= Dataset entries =

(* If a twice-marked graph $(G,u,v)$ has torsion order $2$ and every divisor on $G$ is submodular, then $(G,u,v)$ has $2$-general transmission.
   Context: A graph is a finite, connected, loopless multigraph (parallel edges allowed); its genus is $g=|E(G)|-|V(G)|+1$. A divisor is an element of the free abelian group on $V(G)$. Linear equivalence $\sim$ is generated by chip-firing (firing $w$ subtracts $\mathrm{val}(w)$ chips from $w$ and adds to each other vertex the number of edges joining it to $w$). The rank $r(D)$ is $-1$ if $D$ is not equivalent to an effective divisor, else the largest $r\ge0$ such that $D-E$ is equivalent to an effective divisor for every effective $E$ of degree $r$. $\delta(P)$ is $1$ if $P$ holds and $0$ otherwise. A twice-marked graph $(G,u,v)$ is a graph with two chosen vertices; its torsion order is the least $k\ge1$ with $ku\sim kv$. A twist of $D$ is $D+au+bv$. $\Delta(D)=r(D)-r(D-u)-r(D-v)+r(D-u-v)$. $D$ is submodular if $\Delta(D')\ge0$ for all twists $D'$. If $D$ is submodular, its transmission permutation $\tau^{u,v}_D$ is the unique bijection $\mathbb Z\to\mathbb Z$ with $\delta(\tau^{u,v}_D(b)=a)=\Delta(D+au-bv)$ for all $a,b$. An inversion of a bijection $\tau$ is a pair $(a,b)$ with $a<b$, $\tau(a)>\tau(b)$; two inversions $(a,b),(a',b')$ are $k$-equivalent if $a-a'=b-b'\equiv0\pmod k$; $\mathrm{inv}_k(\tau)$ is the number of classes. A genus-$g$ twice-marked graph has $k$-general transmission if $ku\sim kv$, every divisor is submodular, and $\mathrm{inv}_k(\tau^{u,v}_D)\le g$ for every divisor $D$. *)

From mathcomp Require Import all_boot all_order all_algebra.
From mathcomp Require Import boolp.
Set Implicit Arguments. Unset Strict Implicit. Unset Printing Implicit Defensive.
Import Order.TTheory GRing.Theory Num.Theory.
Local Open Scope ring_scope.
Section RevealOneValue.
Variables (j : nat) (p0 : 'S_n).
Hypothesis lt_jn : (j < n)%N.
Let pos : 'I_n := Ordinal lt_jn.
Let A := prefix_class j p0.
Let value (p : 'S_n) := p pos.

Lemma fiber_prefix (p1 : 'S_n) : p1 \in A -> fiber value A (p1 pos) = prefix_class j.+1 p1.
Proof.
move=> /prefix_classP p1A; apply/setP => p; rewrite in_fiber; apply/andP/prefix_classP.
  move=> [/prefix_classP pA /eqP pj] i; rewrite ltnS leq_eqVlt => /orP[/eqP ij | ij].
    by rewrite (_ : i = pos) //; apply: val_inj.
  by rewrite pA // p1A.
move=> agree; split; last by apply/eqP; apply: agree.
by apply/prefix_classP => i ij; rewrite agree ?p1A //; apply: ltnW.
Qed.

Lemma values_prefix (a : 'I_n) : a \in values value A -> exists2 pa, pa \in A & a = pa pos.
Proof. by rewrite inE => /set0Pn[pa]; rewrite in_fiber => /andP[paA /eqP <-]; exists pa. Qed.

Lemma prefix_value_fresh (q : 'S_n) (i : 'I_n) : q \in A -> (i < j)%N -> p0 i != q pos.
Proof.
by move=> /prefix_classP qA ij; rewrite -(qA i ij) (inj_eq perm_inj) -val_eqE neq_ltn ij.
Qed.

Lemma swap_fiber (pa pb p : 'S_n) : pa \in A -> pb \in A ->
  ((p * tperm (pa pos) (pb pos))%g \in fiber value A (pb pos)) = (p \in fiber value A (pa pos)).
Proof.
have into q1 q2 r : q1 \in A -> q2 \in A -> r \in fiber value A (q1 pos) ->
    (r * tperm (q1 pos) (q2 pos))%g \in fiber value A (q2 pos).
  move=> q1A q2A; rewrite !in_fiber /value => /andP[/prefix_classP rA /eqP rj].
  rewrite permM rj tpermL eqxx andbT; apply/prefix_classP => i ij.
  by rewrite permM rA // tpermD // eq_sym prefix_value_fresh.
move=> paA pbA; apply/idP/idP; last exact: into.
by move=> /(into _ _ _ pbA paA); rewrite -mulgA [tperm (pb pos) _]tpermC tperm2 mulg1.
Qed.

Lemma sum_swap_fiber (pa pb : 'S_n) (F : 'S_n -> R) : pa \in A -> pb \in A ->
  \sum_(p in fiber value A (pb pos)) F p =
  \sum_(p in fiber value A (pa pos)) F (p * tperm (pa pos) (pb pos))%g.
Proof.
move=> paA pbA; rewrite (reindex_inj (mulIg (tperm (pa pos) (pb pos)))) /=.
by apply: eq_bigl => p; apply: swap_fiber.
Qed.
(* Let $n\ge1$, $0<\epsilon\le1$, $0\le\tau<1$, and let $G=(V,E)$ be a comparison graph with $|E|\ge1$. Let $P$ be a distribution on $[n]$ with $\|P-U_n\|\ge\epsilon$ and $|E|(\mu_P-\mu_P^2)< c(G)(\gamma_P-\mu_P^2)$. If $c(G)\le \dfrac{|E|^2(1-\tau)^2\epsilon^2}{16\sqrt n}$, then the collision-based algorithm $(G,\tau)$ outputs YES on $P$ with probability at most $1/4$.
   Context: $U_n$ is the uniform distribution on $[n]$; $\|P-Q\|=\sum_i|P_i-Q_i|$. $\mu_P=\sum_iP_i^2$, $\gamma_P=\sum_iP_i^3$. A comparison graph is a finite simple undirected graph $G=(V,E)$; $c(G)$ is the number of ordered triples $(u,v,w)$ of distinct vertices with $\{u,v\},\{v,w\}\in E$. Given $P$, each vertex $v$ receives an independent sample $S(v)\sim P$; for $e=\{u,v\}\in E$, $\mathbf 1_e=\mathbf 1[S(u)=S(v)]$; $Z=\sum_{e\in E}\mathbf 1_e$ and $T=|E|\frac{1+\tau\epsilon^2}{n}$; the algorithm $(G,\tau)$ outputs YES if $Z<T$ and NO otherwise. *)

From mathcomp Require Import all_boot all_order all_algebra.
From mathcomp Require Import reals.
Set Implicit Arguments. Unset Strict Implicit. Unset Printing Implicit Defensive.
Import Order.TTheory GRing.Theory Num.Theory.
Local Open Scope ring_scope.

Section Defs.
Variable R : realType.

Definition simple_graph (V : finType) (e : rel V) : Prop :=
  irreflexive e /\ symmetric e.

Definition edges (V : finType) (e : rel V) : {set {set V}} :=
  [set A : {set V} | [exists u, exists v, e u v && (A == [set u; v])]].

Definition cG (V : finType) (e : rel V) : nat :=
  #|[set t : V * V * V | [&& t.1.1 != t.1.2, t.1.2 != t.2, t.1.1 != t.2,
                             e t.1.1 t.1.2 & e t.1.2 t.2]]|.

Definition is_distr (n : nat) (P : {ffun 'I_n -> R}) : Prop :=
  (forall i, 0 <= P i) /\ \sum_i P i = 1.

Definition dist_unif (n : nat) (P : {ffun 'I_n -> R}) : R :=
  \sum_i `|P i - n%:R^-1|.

= Task prompt =
Which lines of the records above hold the word "finType"? Copy each of them.

= Exercise result =
Definition simple_graph (V : finType) (e : rel V) : Prop :=
Definition edges (V : finType) (e : rel V) : {set {set V}} :=
Definition cG (V : finType) (e : rel V) : nat :=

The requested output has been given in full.